[Opening Records shown section]

(* Let $c\in\mathbb{N}$ and let $\beta$ be a parameter. Consider the recurrence $$x_{n+4}x_n=x_{n+3}x_{n+1}+\beta\,x_{n+2}^c,$$ corresponding to iteration of the rational map $\varphi:(x_0,x_1,x_2,x_3)\mapsto\big(x_1,x_2,x_3,(x_1x_3+\beta x_2^c)/x_0\big)$ (and its inverse for negative $n$). Then: (i) (Laurent property) $x_n\in\mathbb{Z}[x_0^{\pm1},x_1^{\pm1},x_2^{\pm1},x_3^{\pm1},\beta]$ for all $n\in\mathbb{Z}$; (ii) the recurrence satisfies the singularity confinement test: if for some $n$ one has $x_{n+4}=\epsilon\to 0$ (so that $x_{n+8}$ is potentially singular), then $x_{n+8}=O(1)$ as $\epsilon\to0$; (iii) $\varphi$ is a Poisson map with respect to the log-canonical Poisson bracket $\{\cdot,\cdot\}_c$ defined by $\{x_0,x_1\}_c=x_0x_1$, $\{x_0,x_2\}_c=c\,x_0x_2$, $\{x_0,x_3\}_c=(c+1)x_0x_3$, $\{x_1,x_2\}_c=x_1x_2$, $\{x_1,x_3\}_c=c\,x_1x_3$, $\{x_2,x_3\}_c=x_2x_3$, and this bracket is nondegenerate for $c\neq 2$.
   Context: Here $\mathbb{N}$ includes $0$ (the paper treats the cases $c=0,1,2,\ldots$). The bracket is extended to rational functions of $x_0,x_1,x_2,x_3$ by bilinearity and the Leibniz rule. A map is Poisson if it preserves the bracket. *)

From HB Require Import structures.
From mathcomp Require Import all_boot all_order all_algebra.
From mathcomp Require Import generic_quotient.
From mathcomp.multinomials Require Import mpoly.

Set Implicit Arguments.
Unset Strict Implicit.
Unset Printing Implicit Defensive.

Import Order.TTheory GRing.Theory Num.Theory.
Local Open Scope ring_scope.

(* Polynomial ring Z[x0,x1,x2,x3,beta] : variables 0..3 are x0..x3, variable 4 is beta. *)
Definition Pol := {mpoly int[5]}.
Definition Fld := {fraction Pol}.
Definition toF (p : Pol) : Fld := @FracField.tofrac Pol p.
Local Notation "x %:F" := (toF x).

Definition var (k : nat) : Fld := (('X_(inord k) : Pol))%:F.
Definition beta : Fld := var 4.

Definition state := (Fld * Fld * Fld * Fld)%type.
Lemma beta_pos_norm2 j : (1 <= j <= N)%N -> pos_norm2 C (beta C w j).
Proof.
move=> /andP [j1 jN]; split; first by rewrite cartan_form_wact // cartan_form_simple_root.
have jmN : (jminus w j <= N)%N by rewrite ltnW // (leq_trans (jminus_lt w j1)).
have := congr1 (meval (fun _ => 1)) (hB (j := j) _); rewrite j1 jN => /(_ isT).
rewrite !rmorphM rmorph_prod /= meval_linform1 => e.
have := mulr_gt0 (Ppoly_at1_gt0 jN) (Ppoly_at1_gt0 jmN); rewrite e pmulr_lgt0 ?ltr0z //.
rewrite big_seq_cond prodr_gt0 // => k /andP [+ _]; rewrite mem_index_iota ltnS.
by case/andP=> _; apply: Ppoly_at1_gt0.
Qed.

Lemma mult_propB g j : (1 <= j <= N)%N ->
  (mult g j + mult g (jminus w j) =
   (beta C w j == g) + \sum_(1 <= k < N.+1 | straddles C w k j) mult g k)%N.
Proof.
move=> jr; have /andP [j1 jN] := jr.
have jmN : (jminus w j <= N)%N by rewrite ltnW // (leq_trans (jminus_lt w j1)).
set ks := [seq k <- index_iota 1 N.+1 | straddles C w k j].
have ks_N k : k \in ks -> (k <= N)%N by rewrite mem_filter mem_index_iota ltnS => /and3P [].
have : perm_eq (Pfactors P j ++ Pfactors P (jminus w j))
               (beta C w j :: flatten [seq Pfactors P k | k <- ks]).
  apply: (perm_eq_prod_linform (@pos_norm2_neq0 _ C) (pos_norm2_proportional_eq C_sym)).
  - by move=> b; rewrite mem_cat => /orP [] /pos_norm2_Pfactors; apply.
  - move=> b; rewrite inE => /orP [/eqP ->|]; first exact: beta_pos_norm2.
    by case/flatten_mapP => k /ks_N kN /(pos_norm2_Pfactors kN).
  rewrite big_cat big_cons big_flatten big_map big_filter /= -!Ppoly_Pfactors hB //.
  by under eq_bigr do rewrite Ppoly_Pfactors.
move/permP/(_ (pred1 g)); rewrite count_cat /= count_flatten sumnE !big_map big_filter.
by move=> ->; rewrite eq_sym.
Qed.

Lemma mult_eq0_notin_beta g :
  (forall i, (1 <= i <= N)%N -> beta C w i != g) ->
  forall j, (j <= N)%N -> mult g j = 0%N.
Proof.
move=> notbeta; elim/ltn_ind => -[//|j] IH jN.
have jr : (1 <= j.+1 <= N)%N by rewrite jN.
have := mult_propB g jr; rewrite (negbTE (notbeta _ jr)) add0n big1_seq.
  by move/eqP; rewrite addn_eq0 => /andP [/eqP].
move=> k /andP [/andP [kj _] _]; apply: IH => //.
exact: leq_trans (ltnW kj) jN.
Qed.
End Multiplicities.

Section Proposition.
Variables (n : nat) (C : 'M[int]_n.+1) (w : seq 'I_n.+1) (P : nat -> seq 'rV[int]_n.+1).
Hypotheses (C_sym : C^T = C) (C_diag : forall i, C i i = 2).
Hypotheses (hA : propA C w P) (hB : propB C w P) (hC : propC C w P).
Local Notation N := (size w).
Local Notation mult := (mult P).
Local Open Scope nat_scope.

Lemma C_symE i j : C i j = C j i.
Proof. by rewrite -[in LHS]C_sym mxE. Qed.

Lemma straddles_jplus k l : 1 <= k <= N -> 1 <= l <= N -> jplus w l <= N ->
  straddles C w k l -> ~~ ord_arrow C w k l -> straddles C w k (jplus w l).
Proof.
move=> kr lr lpN /and3P [kl lkp Ckl] not_arrow.
have jpkl : jplus w l <= jplus w k.
  by rewrite leqNgt; apply: contra not_arrow => kpl; rewrite /ord_arrow kr lr Ckl kl lkp.
have letter_lp := letter_jplus lpN.
have : jplus w k != jplus w l.
  apply: contraTneq Ckl => eq_jp; have := @letter_jplus _ w k; rewrite eq_jp => /(_ lpN).
  by rewrite letter_lp => <-; rewrite C_diag.
rewrite neq_ltn ltnNge jpkl /= => lpk.
rewrite /straddles letter_lp Ckl lpk andbT (ltn_trans kl) // jplus_gt //.
by case/andP: lr.
Qed.

Variables l m : nat.
Hypotheses (hl : 1 <= l <= N) (hm : 1 <= m <= N).
Hypothesis Clm : C (letter w l) (letter w m) = (-1)%R.
Hypotheses (mml : jminus w m < l) (lm : l < m) (mlp : m < jplus w l).
Hypothesis lpmp : jplus w l < jplus w m.

Let inord_mult g := \sum_(u <- Defs.inord C w l) mult g u.

Lemma inord_multE g : inord_mult g = \sum_(1 <= k < N.+1 | ord_arrow C w k l) mult g k.
Proof. by rewrite /inord_mult big_filter /index_iota subn1. Qed.

Lemma jplus_l_le : jplus w l <= N.
Proof. by rewrite -ltnS (leq_trans lpmp) // jplus_le. Qed.

Lemma mult_l_le_m g : mult g l <= mult g m + inord_mult g.
Proof.
apply: (@leq_trans (mult g m + mult g (jminus w m))).
  rewrite (mult_propB C_sym C_diag hA hB g hm) (big_rem l) ?mem_index_iota ?ltnS //=.
  by rewrite /straddles lm mlp Clm eqxx /= addnCA leq_addr.
rewrite leq_add2l; case: (posnP (jminus w m)) => [-> //|mm0].
have mmN : jminus w m <= N by rewrite (leq_trans (ltnW mml)) //; case/andP: hl.
rewrite inord_multE (big_rem (jminus w m)) ?mem_index_iota ?ltnS ?mm0 //=.
rewrite /ord_arrow mm0 mmN (letter_jminus mm0) C_symE Clm jplus_jminus //.
  by rewrite mml lm mlp hl eqxx leq_addr.
by case/andP: hm.
Qed.

Lemma mult_m_le g :
  mult g m + mult g (jminus w l) + (beta C w (jplus w l) == g) <=
  inord_mult g + mult g (jplus w l) + (beta C w l == g).
Proof.
have lp_r : 1 <= jplus w l <= N by rewrite jplus_l_le (leq_ltn_trans _ mlp).
have B_l := mult_propB C_sym C_diag hA hB g hl.
have B_lp := mult_propB C_sym C_diag hA hB g lp_r.
rewrite jminus_jplus ?jplus_l_le //= in B_lp; last by case/andP: hl.
have split : \sum_(1 <= k < N.+1 | straddles C w k l) mult g k + mult g m <=
    inord_mult g + \sum_(1 <= k < N.+1 | straddles C w k (jplus w l)) mult g k.
  have -> : mult g m = \sum_(1 <= k < N.+1 | k == m) mult g k.
    by rewrite -big_filter filter_pred1_uniq ?iota_uniq ?mem_index_iota ?ltnS ?big_seq1.
  rewrite inord_multE; apply: leq_sum_add_cond => k; rewrite mem_index_iota ltnS => kr.
  have [->|km] := eqVneq k m.
    rewrite /straddles (leq_gtF (ltnW lm)) mlp lpmp (letter_jplus jplus_l_le).
    by rewrite C_symE Clm eqxx /= leq_addl.
  rewrite addn0; case: (boolP (straddles C w k l)) => // skl.
  by case: (boolP (ord_arrow C w k l)) => // /(straddles_jplus kr hl jplus_l_le skl) ->.
lia.
Qed.

Lemma mult_l_le_beta_Pin g :
  mult g l <= (beta C w l == g) + mult g (jplus w l) + inord_mult g.
Proof.
have [/eqP|pos] := posnP (inord_mult g + (beta C w l == g)).
  rewrite addn_eq0 => /andP [/eqP I0 /eqP b0].
  by have := mult_l_le_m g; have := mult_m_le g; lia.
have [/hasP [i ir /eqP gE]|/hasPn not_beta] :=
  boolP (has (fun i => beta C w i == g) (index_iota 1 N.+1)).
  have l0 : 0 < l by case/andP: hl.
  move: ir; rewrite mem_index_iota ltnS => /(hC l0 jplus_l_le).
  by rewrite gE /mult !Pfactors_pos ?(leq_ltn_trans _ mlp) //; lia.
have -> // : mult g l = 0.
apply: (mult_eq0_notin_beta C_sym C_diag hA hB); last by case/andP: hl.
by move=> i ir; apply: not_beta; rewrite mem_index_iota ltnS.
Qed.

Lemma Ppoly_dvd_beta_Pin : exists Q, (linform (beta C w l) * Pin C w P l = Ppoly P l * Q)%R.
Proof.
set t := beta C w l :: Pfactors P (jplus w l) ++
  flatten [seq Pfactors P u | u <- Defs.inord C w l].
have [Q eQ] : exists Q,
    (\prod_(b <- t) linform b = \prod_(b <- Pfactors P l) linform b * Q)%R.
  apply: prod_count_le_dvd => g; have := mult_l_le_beta_Pin g.
  by rewrite /= count_cat count_flatten sumnE !big_map addnA.
rewrite /Pin !Ppoly_Pfactors; exists Q; rewrite -eQ big_cons big_cat big_flatten big_map /=.
by congr (_ * (_ * _))%R; apply: eq_bigr => u _; rewrite Ppoly_Pfactors.
Qed.
End Proposition.

Unset Implicit Arguments.

Theorem proposition6p6 (n : nat) (C : 'M[int]_n.+1) (w : seq 'I_n.+1)
    (P : nat -> seq 'rV[int]_n.+1) (l m : nat) :
  simply_laced_simple_cartan C ->
  reduced_expr_w0 C w ->
  propA C w P -> propB C w P -> propC C w P ->
  (1 <= l <= size w)%N -> (1 <= m <= size w)%N ->
  C (letter w l) (letter w m) = -1 ->
  (jminus w m < l)%N -> (l < m)%N -> (m < jplus w l)%N -> (jplus w l < jplus w m)%N ->
  exists Q : {mpoly rat[n.+1]},
    linform (beta C w l) * Pin C w P l = Ppoly P l * Q.
Proof.
move=> [C_diag _ C_sym _ _] _ hA hB hC hl hm Clm mml lm mlp lpmp.
exact: (Ppoly_dvd_beta_Pin C_sym C_diag hA hB hC hl hm Clm mml lm mlp lpmp).
Qed.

[Closing Records shown section]

Starting with the line with "rewrite inord_multE (big_rem" above and going on through the line with "rewrite /straddles (leq_gtF", transcribe every line exactly, both ends included, and add nothing.

Written solution:
rewrite inord_multE (big_rem (jminus w m)) ?mem_index_iota ?ltnS ?mm0 //=.
rewrite /ord_arrow mm0 mmN (letter_jminus mm0) C_symE Clm jplus_jminus //.
  by rewrite mml lm mlp hl eqxx leq_addr.
by case/andP: hm.
Qed.

Lemma mult_m_le g :
  mult g m + mult g (jminus w l) + (beta C w (jplus w l) == g) <=
  inord_mult g + mult g (jplus w l) + (beta C w l == g).
Proof.
have lp_r : 1 <= jplus w l <= N by rewrite jplus_l_le (leq_ltn_trans _ mlp).
have B_l := mult_propB C_sym C_diag hA hB g hl.
have B_lp := mult_propB C_sym C_diag hA hB g lp_r.
rewrite jminus_jplus ?jplus_l_le //= in B_lp; last by case/andP: hl.
have split : \sum_(1 <= k < N.+1 | straddles C w k l) mult g k + mult g m <=
    inord_mult g + \sum_(1 <= k < N.+1 | straddles C w k (jplus w l)) mult g k.
  have -> : mult g m = \sum_(1 <= k < N.+1 | k == m) mult g k.
    by rewrite -big_filter filter_pred1_uniq ?iota_uniq ?mem_index_iota ?ltnS ?big_seq1.
  rewrite inord_multE; apply: leq_sum_add_cond => k; rewrite mem_index_iota ltnS => kr.
  have [->|km] := eqVneq k m.
    rewrite /straddles (leq_gtF (ltnW lm)) mlp lpmp (letter_jplus jplus_l_le).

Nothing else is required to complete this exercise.